» GIVEN ENTRIES
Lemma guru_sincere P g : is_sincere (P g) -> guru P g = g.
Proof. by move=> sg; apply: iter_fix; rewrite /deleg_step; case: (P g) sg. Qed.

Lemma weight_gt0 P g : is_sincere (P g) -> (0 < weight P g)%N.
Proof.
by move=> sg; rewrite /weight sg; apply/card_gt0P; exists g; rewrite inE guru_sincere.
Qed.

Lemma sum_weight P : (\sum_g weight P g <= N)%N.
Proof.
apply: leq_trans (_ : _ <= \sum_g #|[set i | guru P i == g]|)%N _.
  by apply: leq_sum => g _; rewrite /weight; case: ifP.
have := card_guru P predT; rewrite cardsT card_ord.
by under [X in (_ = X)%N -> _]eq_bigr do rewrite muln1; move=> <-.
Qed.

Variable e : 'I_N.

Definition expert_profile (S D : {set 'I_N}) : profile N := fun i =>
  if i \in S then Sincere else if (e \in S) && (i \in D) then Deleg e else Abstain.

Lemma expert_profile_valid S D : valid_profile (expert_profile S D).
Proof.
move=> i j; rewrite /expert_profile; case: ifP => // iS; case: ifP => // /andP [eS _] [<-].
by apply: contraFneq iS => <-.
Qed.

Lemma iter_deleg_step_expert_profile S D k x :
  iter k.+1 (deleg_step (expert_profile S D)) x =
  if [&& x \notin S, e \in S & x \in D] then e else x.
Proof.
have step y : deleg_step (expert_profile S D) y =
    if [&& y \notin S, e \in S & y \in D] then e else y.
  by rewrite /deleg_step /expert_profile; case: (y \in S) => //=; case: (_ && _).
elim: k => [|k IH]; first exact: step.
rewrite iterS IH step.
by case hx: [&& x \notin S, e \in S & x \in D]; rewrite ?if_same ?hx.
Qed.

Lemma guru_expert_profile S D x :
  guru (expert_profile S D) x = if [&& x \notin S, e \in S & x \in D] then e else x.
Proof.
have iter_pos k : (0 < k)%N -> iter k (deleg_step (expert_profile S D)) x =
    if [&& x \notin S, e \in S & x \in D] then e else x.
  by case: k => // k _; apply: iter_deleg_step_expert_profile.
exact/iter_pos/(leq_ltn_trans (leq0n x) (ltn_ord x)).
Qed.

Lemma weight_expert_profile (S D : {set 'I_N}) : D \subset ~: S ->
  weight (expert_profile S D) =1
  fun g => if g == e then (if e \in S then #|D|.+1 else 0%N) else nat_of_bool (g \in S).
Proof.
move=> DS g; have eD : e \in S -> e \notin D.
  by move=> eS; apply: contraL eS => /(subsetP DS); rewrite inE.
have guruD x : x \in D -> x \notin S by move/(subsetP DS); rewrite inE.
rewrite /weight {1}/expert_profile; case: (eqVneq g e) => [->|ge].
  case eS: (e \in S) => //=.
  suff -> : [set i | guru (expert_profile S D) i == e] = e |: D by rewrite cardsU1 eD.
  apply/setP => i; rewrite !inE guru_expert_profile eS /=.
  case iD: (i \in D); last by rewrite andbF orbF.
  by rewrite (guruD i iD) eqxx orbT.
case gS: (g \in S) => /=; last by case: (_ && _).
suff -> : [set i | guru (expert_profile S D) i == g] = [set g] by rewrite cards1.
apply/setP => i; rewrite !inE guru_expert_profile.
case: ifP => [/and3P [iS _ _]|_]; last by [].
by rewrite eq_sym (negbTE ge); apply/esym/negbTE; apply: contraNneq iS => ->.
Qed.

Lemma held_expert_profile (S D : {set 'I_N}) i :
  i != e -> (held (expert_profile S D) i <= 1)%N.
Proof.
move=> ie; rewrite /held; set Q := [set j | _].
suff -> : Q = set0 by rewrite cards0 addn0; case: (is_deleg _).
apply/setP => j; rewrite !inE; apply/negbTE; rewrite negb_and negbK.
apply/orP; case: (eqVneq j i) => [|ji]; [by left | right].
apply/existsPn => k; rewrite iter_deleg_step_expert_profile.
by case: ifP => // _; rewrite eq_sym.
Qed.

» WHAT YOU NEED TO DO
Reproduce the lines above, beginning at the line with "weight (expert_profile S D) =1" and stopping after the line with "suff -> : Q", exactly as they are.

» WRITTEN SOLUTION
  weight (expert_profile S D) =1
  fun g => if g == e then (if e \in S then #|D|.+1 else 0%N) else nat_of_bool (g \in S).
Proof.
move=> DS g; have eD : e \in S -> e \notin D.
  by move=> eS; apply: contraL eS => /(subsetP DS); rewrite inE.
have guruD x : x \in D -> x \notin S by move/(subsetP DS); rewrite inE.
rewrite /weight {1}/expert_profile; case: (eqVneq g e) => [->|ge].
  case eS: (e \in S) => //=.
  suff -> : [set i | guru (expert_profile S D) i == e] = e |: D by rewrite cardsU1 eD.
  apply/setP => i; rewrite !inE guru_expert_profile eS /=.
  case iD: (i \in D); last by rewrite andbF orbF.
  by rewrite (guruD i iD) eqxx orbT.
case gS: (g \in S) => /=; last by case: (_ && _).
suff -> : [set i | guru (expert_profile S D) i == g] = [set g] by rewrite cards1.
apply/setP => i; rewrite !inE guru_expert_profile.
case: ifP => [/and3P [iS _ _]|_]; last by [].
by rewrite eq_sym (negbTE ge); apply/esym/negbTE; apply: contraNneq iS => ->.
Qed.

Lemma held_expert_profile (S D : {set 'I_N}) i :
  i != e -> (held (expert_profile S D) i <= 1)%N.
Proof.
move=> ie; rewrite /held; set Q := [set j | _].
suff -> : Q = set0 by rewrite cards0 addn0; case: (is_deleg _).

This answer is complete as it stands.